A pile of strong artifacts is not a program. A program is artifacts tied to a single deployment, a single definition of "safe enough," and a single recommendation. The integration — making them point the same direction and tell one story — is the work this week, and it's the work that gets hired.
And like every real engagement, it starts not with testing but with scoping. Before you evaluate anything you have to say precisely what you're evaluating, who could be harmed, and what bar the system must clear to ship. Get the scope wrong and every downstream artifact measures the wrong thing beautifully.
Not "a model" but a deployment: which model, in which product, with which capabilities and access. "Model X as a tool-using assistant inside a customer-support app, with retrieval over our docs" is a scope. "Is the model safe?" is not. Capabilities and access (tools, browsing, memory, code execution) are part of the subject because they're where most real risk lives.
One deployment's acceptable risk is another's red line. Write the goal as a falsifiable bar: harmful-compliance rate below a threshold, no untested high-severity attack class, over-refusal under a ceiling. The goal is what your evals later either clear or don't — so it has to be decided before you see results, not after.
Reuse your Week 1 threat model: who and what are you protecting, and who owns the go/no-go? A scope names the review board, the decision date, and the person accountable for the call. A program with no named owner is a document, not a decision.
You already have a threat model from Week 1. Don't write a new one — instantiate it for this specific deployment. Scoping is mostly the act of taking general artifacts and binding them to one concrete system, with one timeline and one decision-maker.

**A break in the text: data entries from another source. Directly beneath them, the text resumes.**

(* Let $\mathcal G=G(n;S)$ be an integral circulant graph with $n$ odd, and let $A$ be its adjacency matrix. Then there do not exist $0\leq a<b\leq n-1$ and real $t>0$ such that $\left|\left(e^{\iota A t}\right)_{a,b}\right|=1$, where $\iota=\sqrt{-1}$. In other words, an integral circulant graph with an odd number of vertices does not admit perfect state transfer.
   Context: For a set $S\subseteq\{1,\dots,n-1\}$ with $s\in S$ iff $n-s\in S$, the circulant graph $G(n;S)$ is the undirected graph on vertex set $\mathbb{Z}_n=\{0,\dots,n-1\}$ in which $i$ and $j$ are adjacent iff $i-j \bmod n\in S$. A graph is integral if all eigenvalues of its adjacency matrix are integers. Perfect state transfer between vertices $a$ and $b$ means there is $0<t<\infty$ with $|\langle a|e^{\iota A t}|b\rangle|=1$, where $\langle a|M|b\rangle$ denotes the $(a,b)$ entry of the matrix $M$. *)

From HB Require Import structures.
From mathcomp Require Import all_boot all_order all_algebra.
From mathcomp Require Import complex.
From mathcomp Require Import reals.
Set Implicit Arguments. Unset Strict Implicit. Unset Printing Implicit Defensive.
Import Order.TTheory GRing.Theory Num.Theory.
Local Open Scope ring_scope.
Local Open Scope complex_scope.

Definition diffmod (n : nat) (i j : 'I_n) : nat := ((i + (n - j)) %% n)%N.

Definition connection_set (n : nat) (S : {set 'I_n}) : Prop :=
  (forall s, s \in S -> (0 < val s)%N) /\
  (forall s, s \in S -> exists2 s', s' \in S & val s' = ((n - val s) %% n)%N).

Definition circ_adj (T : nzRingType) (n : nat) (S : {set 'I_n}) : 'M[T]_n :=
  \matrix_(i, j) ((([exists s in S, val s == diffmod i j]) : nat)%:R).

Definition integral_circulant (R : realType) (n : nat) (S : {set 'I_n}) : Prop :=
  forall lam : R[i], eigenvalue (circ_adj R[i] S) lam -> exists z : int, lam = z%:~R.

Definition expiAt_partial (R : realType) (n : nat) (A : 'M[R]_n) (t : R) (N : nat)
  : 'M[R[i]]_n :=
  \sum_(k < N) ((('i * t%:C) ^+ k / (k`!)%:R) *: (map_mx (fun x : R => x%:C) A) ^+ k).

Definition cvgC (R : realType) (u : nat -> R[i]) (z : R[i]) : Prop :=
  forall e : R, 0 < e -> exists N0 : nat, forall N : nat, (N0 <= N)%N ->
    `|u N - z| < e%:C.

(* (a,b) entry of e^{i A t}: the limit of the (a,b) entries of the partial sums.
   exp_entry A t a b z  <->  (e^{i A t})_{a,b} = z *)
Definition exp_entry (R : realType) (n : nat) (A : 'M[R]_n) (t : R) (a b : 'I_n)
  (z : R[i]) : Prop :=
  cvgC (fun N => expiAt_partial A t N a b) z.

Definition perfect_state_transfer (R : realType) (n : nat) (A : 'M[R]_n) (a b : 'I_n)
  : Prop :=
  exists t : R, 0 < t /\ exists z : R[i], exp_entry A t a b z /\ `|z| = 1.

From HB Require Import structures.
From mathcomp Require Import all_boot all_order all_algebra.
From mathcomp Require Import complex reals.
From mathcomp Require Import ring lra.
Import Order.TTheory GRing.Theory Num.Theory.
Local Open Scope ring_scope.
Local Open Scope complex_scope.
Set Implicit Arguments. Unset Strict Implicit. Unset Printing Implicit Defensive.

(* Write U = e^{iAt}.  As A is real symmetric, U is symmetric and unitary; as
   the graph is circulant, U (i + c) (j + c) = U i j.  If |U a b| = 1 with
   a <> b, put c = b - a: then U b a = U a b and U b (b + c) = U a b, and
   b + c <> a because 2c <> 0 in Z/nZ for n odd.  So row b of U has two
   entries of modulus 1, contradicting unitarity.
   Since e^{iAt} is only given as the limit of the partial sums U_N, unitarity
   is used in the quantitative form: the squared norm of a row of U_N is 1
   plus the degree >= N part of the Cauchy product of the series of e^{iAt}
   and e^{-iAt}, which is O(2^-N). *)

Section Circulant.
Variable n : nat.
Implicit Types (i j : 'I_n.+1) (S : {set 'I_n.+1}).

The fastest way to scope is to lay out the binder's table of contents and write, next to each section, which artifact fills it. This turns the capstone from "write a huge document" into "assemble eight things I already built." It also surfaces gaps early: if a section has no artifact behind it, that's the work the rest of the week closes.
Threat model (W1) → taxonomy + policy (W2) → red-team plan (W3) → eval suite (W4) → robustness report (W5) → alignment + interpretability note (W7–8) → risk register (W10) → governance gap list (W11) → recommendation. Tomorrow you start bolting them together; today you decide what they're all in service of.

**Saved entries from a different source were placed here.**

(* Let $\varepsilon<\frac12$. There is no mechanism $M$ such that, for every collection of alternatives $A$, (i) the set of Nash equilibrium outcomes (pure or mixed) of $\Gamma_M(A)$ consists of exactly one point, and (ii) there exists a Nash equilibrium of $\Gamma_M(A)$ whose outcome is $\varepsilon$-Pareto efficient.
   Context: Two players bargain over a collection (multiset) $A=(a^k)_{k\in[n]}$ of alternatives $a^k\in[0,1]^2$, $a^k_i$ being player $i$'s utility. A mechanism $M=(M_n)_n$ specifies for each $n$ signal sets $\Sigma_1(n),\Sigma_2(n)$ and a map $f_n:\Sigma_1(n)\times\Sigma_2(n)\to\Delta([n])$. With risk-neutral players it induces a game $\Gamma_M(A)$ in which players choose (possibly mixed) signals and payoffs are expected utilities; the outcome of a profile is its expected utility vector. An outcome $x$ is $\varepsilon$-Pareto efficient if there is no $a\in A$ with $a_1>x_1+\varepsilon$ and $a_2>x_2+\varepsilon$. *)

From Stdlib Require Import Reals List.
Open Scope R_scope.

Fixpoint sumR (n : nat) (g : nat -> R) : R :=
  match n with O => 0 | S m => sumR m g + g m end.

Definition is_dist (n : nat) (p : nat -> R) : Prop :=
  (forall k, (k < n)%nat -> 0 <= p k) /\ sumR n p = 1.

(* A collection A = (a^k)_{k<n} is given as a function nat -> R*R
   (only indices k < n matter); a^k = (fst (A k), snd (A k)). *)

(* A mechanism: for each n, signal sets Sig1 n, Sig2 n (arbitrary types)
   and f_n : Sig1 n * Sig2 n -> Delta([n]) (required for n >= 1;
   collections are nonempty). *)
Record mechanism := Mechanism {
  Sig1 : nat -> Type;
  Sig2 : nat -> Type;
  mech_f : forall n, Sig1 n -> Sig2 n -> nat -> R;
  mech_f_dist : forall n (s1 : Sig1 n) (s2 : Sig2 n),
      (0 < n)%nat -> is_dist n (mech_f n s1 s2)
}.

(* Mixed strategies: finitely supported distributions, given as lists of
   (weight, signal) pairs. *)
Definition listsum {T : Type} (g : T -> R) (l : list T) : R :=
  fold_right (fun x acc => g x + acc) 0 l.

Definition is_mixed {S : Type} (m : list (R * S)) : Prop :=
  Forall (fun p => 0 <= fst p) m /\ listsum fst m = 1.

Definition pure_outcome (M : mechanism) (n : nat) (A : nat -> R * R)
  (s1 : Sig1 M n) (s2 : Sig2 M n) : R * R :=
  (sumR n (fun k => mech_f M n s1 s2 k * fst (A k)),
   sumR n (fun k => mech_f M n s1 s2 k * snd (A k))).

Definition outcome (M : mechanism) (n : nat) (A : nat -> R * R)
  (m1 : list (R * Sig1 M n)) (m2 : list (R * Sig2 M n)) : R * R :=
  (listsum (fun p1 => listsum (fun p2 =>
      fst p1 * fst p2 * fst (pure_outcome M n A (snd p1) (snd p2))) m2) m1,
   listsum (fun p1 => listsum (fun p2 =>
      fst p1 * fst p2 * snd (pure_outcome M n A (snd p1) (snd p2))) m2) m1).

Definition nash (M : mechanism) (n : nat) (A : nat -> R * R)
  (m1 : list (R * Sig1 M n)) (m2 : list (R * Sig2 M n)) : Prop :=
  is_mixed m1 /\ is_mixed m2 /\
  (forall d1 : list (R * Sig1 M n), is_mixed d1 ->
     fst (outcome M n A d1 m2) <= fst (outcome M n A m1 m2)) /\
  (forall d2 : list (R * Sig2 M n), is_mixed d2 ->
     snd (outcome M n A m1 d2) <= snd (outcome M n A m1 m2)).

Definition eps_pareto (eps : R) (n : nat) (A : nat -> R * R) (x : R * R) : Prop :=
  ~ (exists k, (k < n)%nat /\ fst (A k) > fst x + eps /\ snd (A k) > snd x + eps).

Definition valid_collection (n : nat) (A : nat -> R * R) : Prop :=
  (0 < n)%nat /\
  forall k, (k < n)%nat -> 0 <= fst (A k) <= 1 /\ 0 <= snd (A k) <= 1.

(** Give player 1 the alternatives (1,0) and (0,0): player 2 is then indifferent, so
    every equilibrium of the collection {(1,1),(0,0)} is also one of {(1,0),(0,0)},
    and uniqueness transports the near-efficient diagonal outcome of the former to the
    latter, giving player 1 at least 1 - eps there.  Symmetrically player 2 gets at
    least 1 - eps from {(0,0),(0,1)}.  An equilibrium of {(1,0),(0,1)} is an equilibrium
    of both one-sided collections, so its outcome pays at least 1 - eps to each player;
    but the payoffs of that collection always sum to 1, and 2 (1 - eps) > 1. *)

From Stdlib Require Import Reals List Lra.
Open Scope R_scope.

Lemma sumR_ext n (g h : nat -> R) :
  (forall k, (k < n)%nat -> g k = h k) -> sumR n g = sumR n h.
Proof.
  induction n as [|n IH]; intros Hgh; simpl; [reflexivity|].
  rewrite IH, Hgh by auto; reflexivity.
Qed.

Lemma sumR_plus n (g h : nat -> R) :
  sumR n (fun k => g k + h k) = sumR n g + sumR n h.
Proof. induction n as [|n IH]; simpl; [lra|]. rewrite IH; lra. Qed.

Lemma sumR_zero n : sumR n (fun _ => 0) = 0.
Proof. induction n as [|n IH]; simpl; [reflexivity|]. rewrite IH; lra. Qed.

Lemma listsum_ext {T : Type} (g h : T -> R) l :
  (forall x, g x = h x) -> listsum g l = listsum h l.
Proof. intros Hgh; induction l as [|x l IH]; simpl; [reflexivity|]. rewrite IH, Hgh; reflexivity. Qed.

Lemma listsum_plus {T : Type} (g h : T -> R) l :
  listsum (fun x => g x + h x) l = listsum g l + listsum h l.
Proof. induction l as [|x l IH]; simpl; [lra|]. rewrite IH; lra. Qed.

Lemma listsum_scal {T : Type} c (g : T -> R) l :
  listsum (fun x => c * g x) l = c * listsum g l.
Proof. induction l as [|x l IH]; simpl; [lra|]. rewrite IH; lra. Qed.

Definition expect {S1 S2 : Type} (m1 : list (R * S1)) (m2 : list (R * S2))
  (u : S1 -> S2 -> R) : R :=
  listsum (fun p1 => listsum (fun p2 => fst p1 * fst p2 * u (snd p1) (snd p2)) m2) m1.

Section Expectation.

Variables (S1 S2 : Type) (m1 : list (R * S1)) (m2 : list (R * S2)).

Lemma expect_ext (u v : S1 -> S2 -> R) :
  (forall s1 s2, u s1 s2 = v s1 s2) -> expect m1 m2 u = expect m1 m2 v.
Proof.
  intros Huv; apply listsum_ext; intros p1; apply listsum_ext; intros p2.
  rewrite Huv; reflexivity.
Qed.

Lemma expect_plus (u v : S1 -> S2 -> R) :
  expect m1 m2 (fun s1 s2 => u s1 s2 + v s1 s2) = expect m1 m2 u + expect m1 m2 v.
Proof.
  unfold expect; rewrite <- listsum_plus; apply listsum_ext; intros p1.
  rewrite <- listsum_plus; apply listsum_ext; intros p2; ring.
Qed.

Lemma expect_zero : expect m1 m2 (fun _ _ => 0) = 0.
Proof.
  unfold expect; rewrite (listsum_ext _ (fun p1 => 0 * listsum fst m2)).
  - rewrite listsum_scal; ring.
  - intros p1; rewrite <- listsum_scal; apply listsum_ext; intros p2; ring.
Qed.

Lemma expect_one : is_mixed m1 -> is_mixed m2 -> expect m1 m2 (fun _ _ => 1) = 1.
Proof.
  intros [_ Hm1] [_ Hm2]; unfold expect.
  transitivity (listsum (fun p1 => fst p1 * listsum fst m2) m1).
  - apply listsum_ext; intros p1; rewrite <- listsum_scal; apply listsum_ext; intros p2; ring.
  - rewrite Hm2; etransitivity; [|exact Hm1]; apply listsum_ext; intros p1; ring.
Qed.

End Expectation.

Section Outcomes.

Variables (M : mechanism) (n : nat).

Lemma outcome_fst A m1 m2 :
  fst (outcome M n A m1 m2) = expect m1 m2 (fun s1 s2 => fst (pure_outcome M n A s1 s2)).
Proof. reflexivity. Qed.

Lemma outcome_snd A m1 m2 :
  snd (outcome M n A m1 m2) = expect m1 m2 (fun s1 s2 => snd (pure_outcome M n A s1 s2)).
Proof. reflexivity. Qed.

Lemma outcome_fst_ext A B m1 m2 :
  (forall k, (k < n)%nat -> fst (A k) = fst (B k)) ->
  fst (outcome M n A m1 m2) = fst (outcome M n B m1 m2).
Proof.
  intros HAB; rewrite !outcome_fst; apply expect_ext; intros s1 s2.
  apply sumR_ext; intros k Hk; rewrite HAB by exact Hk; reflexivity.
Qed.

Lemma outcome_snd_ext A B m1 m2 :
  (forall k, (k < n)%nat -> snd (A k) = snd (B k)) ->
  snd (outcome M n A m1 m2) = snd (outcome M n B m1 m2).
Proof.
  intros HAB; rewrite !outcome_snd; apply expect_ext; intros s1 s2.
  apply sumR_ext; intros k Hk; rewrite HAB by exact Hk; reflexivity.
Qed.

Lemma outcome_fst_zero A m1 m2 :
  (forall k, (k < n)%nat -> fst (A k) = 0) -> fst (outcome M n A m1 m2) = 0.
Proof.
  intros HA; rewrite outcome_fst, <- (expect_zero _ _ m1 m2); apply expect_ext; intros s1 s2.
  rewrite <- (sumR_zero n); apply sumR_ext; intros k Hk; rewrite HA by exact Hk; ring.
Qed.

Lemma outcome_snd_zero A m1 m2 :
  (forall k, (k < n)%nat -> snd (A k) = 0) -> snd (outcome M n A m1 m2) = 0.
Proof.
  intros HA; rewrite outcome_snd, <- (expect_zero _ _ m1 m2); apply expect_ext; intros s1 s2.
  rewrite <- (sumR_zero n); apply sumR_ext; intros k Hk; rewrite HA by exact Hk; ring.
Qed.

Lemma outcome_diag A m1 m2 :
  (forall k, (k < n)%nat -> fst (A k) = snd (A k)) ->
  fst (outcome M n A m1 m2) = snd (outcome M n A m1 m2).
Proof.
  intros HA; rewrite outcome_fst, outcome_snd; apply expect_ext; intros s1 s2.
  apply sumR_ext; intros k Hk; rewrite HA by exact Hk; reflexivity.
Qed.

Lemma pure_outcome_sum_one A s1 s2 : (0 < n)%nat ->
  (forall k, (k < n)%nat -> fst (A k) + snd (A k) = 1) ->
  fst (pure_outcome M n A s1 s2) + snd (pure_outcome M n A s1 s2) = 1.
Proof.
  intros Hn HA; simpl; rewrite <- sumR_plus.
  destruct (mech_f_dist M n s1 s2 Hn) as [_ Hdist]; rewrite <- Hdist.
  apply sumR_ext; intros k Hk.
  rewrite <- Rmult_plus_distr_l, HA by exact Hk; ring.
Qed.

Lemma outcome_sum_one A m1 m2 : (0 < n)%nat ->
  (forall k, (k < n)%nat -> fst (A k) + snd (A k) = 1) ->
  is_mixed m1 -> is_mixed m2 ->
  fst (outcome M n A m1 m2) + snd (outcome M n A m1 m2) = 1.
Proof.
  intros Hn HA Hm1 Hm2.
  rewrite outcome_fst, outcome_snd, <- expect_plus, <- (expect_one _ _ m1 m2 Hm1 Hm2).
  apply expect_ext; intros s1 s2; exact (pure_outcome_sum_one A s1 s2 Hn HA).
Qed.

Lemma nash_snd_indifferent A B m1 m2 :
  (forall k, (k < n)%nat -> fst (B k) = fst (A k) /\ snd (B k) = 0) ->
  nash M n A m1 m2 -> nash M n B m1 m2.
Proof.
  intros HB [Hm1 [Hm2 [Hbr1 _]]].
  split; [exact Hm1|split; [exact Hm2|split]].
  - intros d1 Hd1; rewrite !(outcome_fst_ext B A) by (intros k Hk; apply HB, Hk).
    exact (Hbr1 d1 Hd1).
  - intros d2 _; rewrite !outcome_snd_zero by (intros k Hk; apply HB, Hk); lra.
Qed.

Lemma nash_fst_indifferent A B m1 m2 :
  (forall k, (k < n)%nat -> fst (B k) = 0 /\ snd (B k) = snd (A k)) ->
  nash M n A m1 m2 -> nash M n B m1 m2.
Proof.
  intros HB [Hm1 [Hm2 [_ Hbr2]]].
  split; [exact Hm1|split; [exact Hm2|split]].
  - intros d1 _; rewrite !outcome_fst_zero by (intros k Hk; apply HB, Hk); lra.
  - intros d2 Hd2; rewrite !(outcome_snd_ext B A) by (intros k Hk; apply HB, Hk).
    exact (Hbr2 d2 Hd2).
Qed.

End Outcomes.

Lemma eps_pareto_diag_ge eps n A x k :
  eps_pareto eps n A x -> (k < n)%nat -> A k = (1, 1) -> fst x = snd x ->
  1 - eps <= fst x.
Proof.
  intros Hpar Hk HAk Hx; destruct (Rle_or_lt (1 - eps) (fst x)) as [Hge|Hlt]; [exact Hge|].
  exfalso; apply Hpar; exists k; rewrite HAk; simpl; split; [exact Hk|lra].
Qed.

Definition coll2 (a b : R * R) : nat -> R * R :=
  fun k => match k with O => a | S _ => b end.

Lemma valid_coll2 a b :
  0 <= fst a <= 1 -> 0 <= snd a <= 1 -> 0 <= fst b <= 1 -> 0 <= snd b <= 1 ->
  valid_collection 2 (coll2 a b).
Proof. intros; split; [auto|]; intros [|k] _; simpl; auto. Qed.

Section NoMechanism.

Variables (eps : R) (M : mechanism).

Hypothesis unique_efficient : forall (n : nat) (A : nat -> R * R), valid_collection n A ->
  (exists x : R * R,
     (exists m1 m2, nash M n A m1 m2 /\ outcome M n A m1 m2 = x) /\
     (forall m1 m2, nash M n A m1 m2 -> outcome M n A m1 m2 = x)) /\
  (exists m1 m2, nash M n A m1 m2 /\ eps_pareto eps n A (outcome M n A m1 m2)).

Lemma nash_outcome_unique n A m1 m2 m1' m2' : valid_collection n A ->
  nash M n A m1 m2 -> nash M n A m1' m2' -> outcome M n A m1 m2 = outcome M n A m1' m2'.
Proof.
  intros HA Hne Hne'; destruct (unique_efficient n A HA) as [[x [_ Hx]] _].
  rewrite (Hx _ _ Hne), (Hx _ _ Hne'); reflexivity.
Qed.

Lemma player1_payoff_ge m1 m2 :
  nash M 2 (coll2 (1, 0) (0, 0)) m1 m2 ->
  1 - eps <= fst (outcome M 2 (coll2 (1, 0) (0, 0)) m1 m2).
Proof.
  intros Hne.
  assert (HB : valid_collection 2 (coll2 (1, 0) (0, 0))) by (apply valid_coll2; simpl; lra).
  set (A := coll2 (1, 1) (0, 0)).
  assert (HA : valid_collection 2 A) by (apply valid_coll2; simpl; lra).
  destruct (unique_efficient 2 A HA) as [_ [a1 [a2 [Hne_a Hpar]]]].
  assert (Hne_a' : nash M 2 (coll2 (1, 0) (0, 0)) a1 a2).
  { apply (nash_snd_indifferent M 2 A); [intros [|k] _; simpl; auto|exact Hne_a]. }
  rewrite (nash_outcome_unique _ _ _ _ _ _ HB Hne Hne_a').
  rewrite (outcome_fst_ext M 2 _ A) by (intros [|k] _; reflexivity).
  apply (eps_pareto_diag_ge _ _ _ _ 0 Hpar); [auto|reflexivity|].
  apply outcome_diag; intros [|k] _; reflexivity.
Qed.

Lemma player2_payoff_ge m1 m2 :
  nash M 2 (coll2 (0, 0) (0, 1)) m1 m2 ->
  1 - eps <= snd (outcome M 2 (coll2 (0, 0) (0, 1)) m1 m2).
Proof.
  intros Hne.
  assert (HB : valid_collection 2 (coll2 (0, 0) (0, 1))) by (apply valid_coll2; simpl; lra).
  set (A := coll2 (0, 0) (1, 1)).
  assert (HA : valid_collection 2 A) by (apply valid_coll2; simpl; lra).
  destruct (unique_efficient 2 A HA) as [_ [a1 [a2 [Hne_a Hpar]]]].
  assert (Hne_a' : nash M 2 (coll2 (0, 0) (0, 1)) a1 a2).
  { apply (nash_fst_indifferent M 2 A); [intros [|k] _; simpl; auto|exact Hne_a]. }
  rewrite (nash_outcome_unique _ _ _ _ _ _ HB Hne Hne_a').
  rewrite (outcome_snd_ext M 2 _ A) by (intros [|k] _; reflexivity).
  rewrite <- outcome_diag by (intros [|k] _; reflexivity).
  apply (eps_pareto_diag_ge _ _ _ _ 1 Hpar); [auto|reflexivity|].
  apply outcome_diag; intros [|k] _; reflexivity.
Qed.

Lemma unique_efficient_eps_ge_half : 1 / 2 <= eps.
Proof.
  set (A := coll2 (1, 0) (0, 1)).
  assert (HA : valid_collection 2 A) by (apply valid_coll2; simpl; lra).
  destruct (unique_efficient 2 A HA) as [[_ [[m1 [m2 [Hne _]]] _]] _].
  assert (H1 : 1 - eps <= fst (outcome M 2 (coll2 (1, 0) (0, 0)) m1 m2)).
  { apply player1_payoff_ge, (nash_snd_indifferent M 2 A); [intros [|k] _; simpl; auto|exact Hne]. }
  assert (H2 : 1 - eps <= snd (outcome M 2 (coll2 (0, 0) (0, 1)) m1 m2)).
  { apply player2_payoff_ge, (nash_fst_indifferent M 2 A); [intros [|k] _; simpl; auto|exact Hne]. }
  rewrite (outcome_fst_ext M 2 _ A) in H1 by (intros [|k] _; reflexivity).
  rewrite (outcome_snd_ext M 2 _ A) in H2 by (intros [|k] _; reflexivity).
  destruct Hne as [Hm1 [Hm2 _]].
  assert (Hsum : fst (outcome M 2 A m1 m2) + snd (outcome M 2 A m1 m2) = 1).
  { apply outcome_sum_one; [auto|intros [|k] _; simpl; lra|exact Hm1|exact Hm2]. }
  lra.
Qed.

End NoMechanism.

Theorem theorem2 : forall eps : R, eps < 1 / 2 ->
  ~ (exists M : mechanism,
       forall (n : nat) (A : nat -> R * R), valid_collection n A ->
         (exists x : R * R,
            (exists m1 m2, nash M n A m1 m2 /\ outcome M n A m1 m2 = x) /\
            (forall m1 m2, nash M n A m1 m2 -> outcome M n A m1 m2 = x)) /\
         (exists m1 m2, nash M n A m1 m2 /\
            eps_pareto eps n A (outcome M n A m1 m2))).
Proof.
  intros eps Heps [M HM].
  pose proof (unique_efficient_eps_ge_half eps M HM).
  lra.
Qed.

A junior practitioner opens a safety engagement by testing. An expert opens by scoping — fixing the subject, the bar, and the decision-maker first — because a test against an undefined bar can't pass or fail, only flatter. The altitude jump is from "I ran evaluations" to "I ran a program against a pre-registered definition of safe enough, with a named owner and a decision date."
Say this in an interview: "Before I evaluate anything, I scope: which deployment, with which capabilities, against what falsifiable bar, owned by whom, decided by when. Pre-registering 'safe enough' is what keeps the eval honest — otherwise you're just grading the model on a curve you drew after seeing its answers."